'''

Lemma sle_within_sle_trans s X Y lo hi : sle_within s X lo hi -> olt hi (slen X) -> sle X Y ->
  exists2 h, olt h (slen Y) & sle_within s Y ozero h.
Proof.
move=> [g [hg1 hg2]] hhi [f [hf1 hf2]]; exists (f hi); first by case: (hf2 _ hhi).
exists (f \o g); split => [i j hij hj|i /hg2 [a b c d]] /=.
  by apply: hf1; [exact: hg1|case: (hg2 _ hj)].
case: (hf2 _ c) => c' d'; split => //; [exact: ole0|exact: hf1|exact: R_trans d d'].
Qed.

End Embeddings.

(** * Blocks of a sequence of length omega^(e+1) *)

Section Blocks.
Variables (Q : Type) (R : Q -> Q -> Prop).
Hypothesis R_refl : forall x, R x x.
Hypothesis R_trans : forall x y z, R x y -> R y z -> R x z.

Local Notation sle := (sle R).
Local Notation sle_within := (sle_within R).

Definition block (X : tseq Q) e n : tseq Q :=
  TSeq (opow e) (fun r => sval X (oadd (opow_mul e n) r)).

Variables (X : tseq Q) (e : nat).
Hypothesis X_len : slen X = opow e.+1.

Lemma sle_block_within s n : sle s (block X e n) -> sle_within s X (opow_mul e n) (opow_mul e n.+1).
Proof.
move=> [f [hf1 hf2]]; exists (fun i => oadd (opow_mul e n) (f i)); split => [i j hij hj|i hi].
  exact/oadd_mono/hf1.
case: (hf2 _ hi) => a b; split => //; [exact: oadd_ge|exact: oadd_opow_mul_ltS|].
by rewrite X_len; exact: oadd_opow_mul_lt_pow.
Qed.

Lemma sle_within_block s n : sle_within s X (opow_mul e n) (opow_mul e n.+1) -> sle s (block X e n).
Proof.
move=> [f [hf1 hf2]].
have hf i : olt i (slen s) -> oadd (opow_mul e n) (omod e (f i)) = f i /\ olt (omod e (f i)) (opow e).
  move=> /hf2 [a b c _]; rewrite X_len in c.
  by rewrite -(odiv_interval a b) odivmod //; split => //; exact: omod_lt.
exists (fun i => omod e (f i)); split => [i j hij hj|i hi].
  apply: (@oadd_ltr (opow_mul e n)).
  by case: (hf _ (olt_trans hij hj)) => -> _; case: (hf _ hj) => -> _; exact: hf1.
by case: (hf _ hi) => E hlt; case: (hf2 _ hi) => _ _ _; rewrite /= E.
Qed.

Lemma block_sle n : sle (block X e n) X.
Proof. exact/(sle_within_sle (hi := opow_mul e n.+1))/sle_block_within/sle_refl. Qed.

Lemma indec_sle_within_block s N : indecomposable R s -> olt ozero (slen s) ->
  sle_within s X ozero (opow_mul e N) ->
  exists2 n, n < N & sle_within s X (opow_mul e n) (opow_mul e n.+1).
Proof.
move=> hs hne; rewrite -(opow_mul0 e); elim: N => [|N IH] h.
  case: h => f [_ /(_ _ hne) [a b _ _]].
  by move: (ole_lt_trans a b); rewrite olt_irr.
case: (indec_sle_within_split R_trans (opow_mul e N) hs h) => [/IH [n hn hn']|h'].
  by exists n => //; exact: ltnW.
by exists N.
Qed.

Lemma tail_opow_mul_len N : slen (tail X (opow_mul e N)) = opow e.+1.
Proof. by rewrite /= X_len osub_opow_mul. Qed.

Lemma block_tail N n : sle (block (tail X (opow_mul e N)) e n) (block X e (N + n)).
Proof. by exists id; split => // i hi; split => //=; rewrite oadd_opow_mulA ?opow_ltS. Qed.

Variables (Y : tseq Q) (e' : nat).

Lemma sle_within_blocks (A : nat -> nat) :
  (forall n, sle_within (block X e n) Y (opow_mul e' (A n)) (opow_mul e' (A n.+1))) ->
  sle_within X Y (opow_mul e' (A 0)) (slen Y).
Proof.
move=> /functional_choice [Phi hPhi].
have A_incr n : A n < A n.+1.
  case: (hPhi n) => _ /(_ ozero (opow_gt0 e)) [a b _ _].
  by rewrite -(opow_mul_lt e'); exact: ole_lt_trans a b.
have A_mono : {homo A : i j / i <= j} := homo_leq leqnn leq_trans (fun n => ltnW (A_incr n)).
exists (fun i => Phi (odiv e i) (omod e i)); split => [i j hij hj|i hi].
  have hi := olt_trans hij hj; rewrite X_len in hi hj.
  have [ri rj] := (omod_lt hi, omod_lt hj).
  move: hij; rewrite -{1}(odivmod hi) -{1}(odivmod hj) => hij.
  case: (ltngtP (odiv e i) (odiv e j)) => hk.
  - case: (hPhi (odiv e i)) => _ /(_ _ ri) [_ b _ _].
    case: (hPhi (odiv e j)) => _ /(_ _ rj) [a _ _ _].
    by apply: olt_le_trans b (ole_trans _ a); apply/opow_mul_le/A_mono.
  - by have := olt_trans hij (oadd_opow_mul_ltl rj ri hk); rewrite olt_irr.
  - by rewrite hk in hij *; case: (hPhi (odiv e j)) => + _; apply => //; exact: oadd_ltr hij.
have hi' := hi; rewrite X_len in hi'.
case: (hPhi (odiv e i)) => _ /(_ _ (omod_lt hi')) [a b c d]; split => //.
  by apply: ole_trans a; apply/opow_mul_le/A_mono.
by move: d; rewrite /= odivmod.
Qed.

Lemma sle_within_late_blocks a0 :
  (forall n a, exists b, sle_within (block X e n) Y (opow_mul e' a) (opow_mul e' b)) ->
  sle_within X Y (opow_mul e' a0) (slen Y).
Proof.
move=> late; have [B hB] := @functional_choice _ _ _ (fun na : nat * nat => late na.1 na.2).
pose A := fix A n := if n is n'.+1 then B (n', A n') else a0.
by apply: (@sle_within_blocks A) => n; exact: hB (n, A n).
Qed.

Lemma sle_late_blocks :
  (forall n a, exists b, sle_within (block X e n) Y (opow_mul e' a) (opow_mul e' b)) -> sle X Y.
Proof. by move=> /(sle_within_late_blocks 0) /sle_within_sle. Qed.

End Blocks.

(** * The sequence of a tree *)

Section TreeSequence.
Variables (Q : Type) (R : Q -> Q -> Prop).
Hypothesis R_refl : forall x, R x x.
Hypothesis R_trans : forall x y z, R x y -> R y z -> R x z.

Local Notation sle := (sle R).
Local Notation sle_within := (sle_within R).

Fixpoint tree_ind_in (P : tree Q -> Prop) (HL : forall q, P (Leaf q))
  (HN : forall t0 ts, (forall u, List.In u (t0 :: ts) -> P u) -> P (Node t0 ts))
  (t : tree Q) : P t :=
  match t with
  | Leaf q => HL q
  | Node t0 ts => HN t0 ts
      ((fix go (l : seq (tree Q)) : forall u, List.In u l -> P u :=
          match l with
          | [::] => fun u (h : List.In u [::]) => False_ind _ h
          | x :: l' => fun u h => match h with
                        | or_introl e => eq_ind x P (tree_ind_in HL HN x) u e
                        | or_intror h' => go l' u h'
                        end
          end) (t0 :: ts))
  end.

Lemma In_nth (x0 c : tree Q) cs : List.In c cs -> exists2 j, j < size cs & nth x0 cs j = c.
Proof.
elim: cs => //= x cs IH [->|/IH [j hj e]]; first by exists 0.
by exists j.+1.
Qed.

Lemma nth_In (x0 : tree Q) cs j : j < size cs -> List.In (nth x0 cs j) cs.
Proof. by elim: cs j => //= x cs IH [|j] h; [left|right; exact: IH]. Qed.

Fixpoint ht (t : tree Q) : nat :=
  if t is Node t0 ts then (foldr maxn 0 (ht t0 :: map ht ts)).+1 else 0.

Definition hmax (cs : seq (tree Q)) := foldr maxn 0 (map ht cs).

Lemma hmax_ge cs c : List.In c cs -> ht c <= hmax cs.
Proof.
elim: cs => //= x cs IH [->|/IH h]; first exact: leq_maxl.
exact: leq_trans h (leq_maxr _ _).
Qed.

Lemma foldr_maxn_mem x (l : seq nat) : foldr maxn 0 (x :: l) \in x :: l.
Proof.
elim: l x => [|y l IH] x /=; first by rewrite maxn0 inE eqxx.
move: (IH y) => /=; case: (leqP x (maxn y (foldr maxn 0 l))) => h hz.
  by rewrite inE hz orbT.
by rewrite inE eqxx.
Qed.

Lemma index_hmax_lt c0 cs : index (hmax (c0 :: cs)) (map ht (c0 :: cs)) < size (c0 :: cs).
Proof. by rewrite -(size_map ht) index_mem; exact: foldr_maxn_mem. Qed.

Lemma ht_nth_index_hmax c0 cs :
  ht (nth c0 (c0 :: cs) (index (hmax (c0 :: cs)) (map ht (c0 :: cs)))) = hmax (c0 :: cs).
Proof. by rewrite -(nth_map c0 0) ?index_hmax_lt // nth_index //; exact: foldr_maxn_mem. Qed.

(** The [n]-th block of the sequence of a node is the sequence of its child number
    [n mod m], padded up to length [omega^H] by the sequence of a highest child. *)
Definition node_val (v0 : ord -> Q) (hs : seq nat) (vs : seq (ord -> Q)) (i : ord) : Q :=
  let H := foldr maxn 0 hs in
  let k := odiv H i %% size hs in
  let r := omod H i in
  nth v0 vs (if olt r (opow (nth 0 hs k)) then k else index H hs) r.

Fixpoint tval (t : tree Q) : ord -> Q :=
  match t with
  | Leaf q => fun _ => q
  | Node t0 ts => node_val (tval t0) (ht t0 :: map ht ts) (tval t0 :: map tval ts)
  end.

Arguments tval : simpl never.

Definition tree_seq (t : tree Q) : tseq Q := TSeq (opow (ht t)) (tval t).

Lemma tree_seq_gt0 t : olt ozero (slen (tree_seq t)).
Proof. exact: opow_gt0. Qed.

Section Node.
Variables (t0 : tree Q) (ts : seq (tree Q)).
Let cs := t0 :: ts.
Let H := hmax cs.
Let m := size cs.
Let child n := nth t0 cs (n %% m).
Let cmax := nth t0 cs (index H (map ht cs)).
Let X := tree_seq (Node t0 ts).

Lemma node_len : slen X = opow H.+1.
Proof. by []. Qed.

Lemma child_In n : List.In (child n) cs.
Proof. by apply: nth_In; rewrite ltn_mod. Qed.

Lemma cmax_In : List.In cmax cs.
Proof. exact/nth_In/index_hmax_lt. Qed.

Lemma tval_node n r : olt r (opow H) ->
  tval (Node t0 ts) (oadd (opow_mul H n) r) =
  if olt r (opow (ht (child n))) then tval (child n) r else tval cmax r.
Proof.
move=> hr; change (node_val (tval t0) (map ht cs) (map tval cs) (oadd (opow_mul H n) r) =
  if olt r (opow (ht (child n))) then tval (child n) r else tval cmax r).
rewrite /node_val -[foldr maxn 0 _]/H odiv_oadd // omod_oadd // size_map -/m.
have hk : n %% m < size cs by rewrite ltn_mod.
rewrite (nth_map t0 0) //; case: ifP => _; first by rewrite (nth_map t0).
by rewrite (nth_map t0) // index_hmax_lt.
Qed.

Lemma child_ht n : ht (child n) <= H.
Proof. exact/hmax_ge/child_In. Qed.

Lemma block_node_sle_tcat n : sle (block X H n) (tcat (tree_seq (child n)) (tree_seq cmax)).
Proof.
apply: sle_tcat_pointwise => r hr /=; rewrite tval_node //; split => [->//|/negbTE ->].
by split => //; rewrite /cmax ht_nth_index_hmax.
Qed.

Lemma child_sle_block n : sle (tree_seq (child n)) (block X H n).
Proof.
exists id; split => // r /= hr.
have hrH : olt r (opow H).
  by move: hr; rewrite !olt_opow => /rlt_le_trans; apply; rewrite /= ltnNge child_ht andbF.
by split => //=; rewrite tval_node // hr.
Qed.

Lemma In_child c : List.In c cs -> exists j, child j = c.
Proof. by case/(In_nth t0) => j hj <-; exists j; rewrite /child modn_small. Qed.

Lemma child_sle c : List.In c cs -> sle (tree_seq c) X.
Proof.
case/In_child => j <-; apply: (sle_trans R_trans (child_sle_block j)).
exact (block_sle R_refl node_len j).
Qed.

'''

ACTIVITY. Go through the entries above and report how many lines hold the word "hPhi". Nothing but the number is needed.

WRITTEN RESPONSE. 6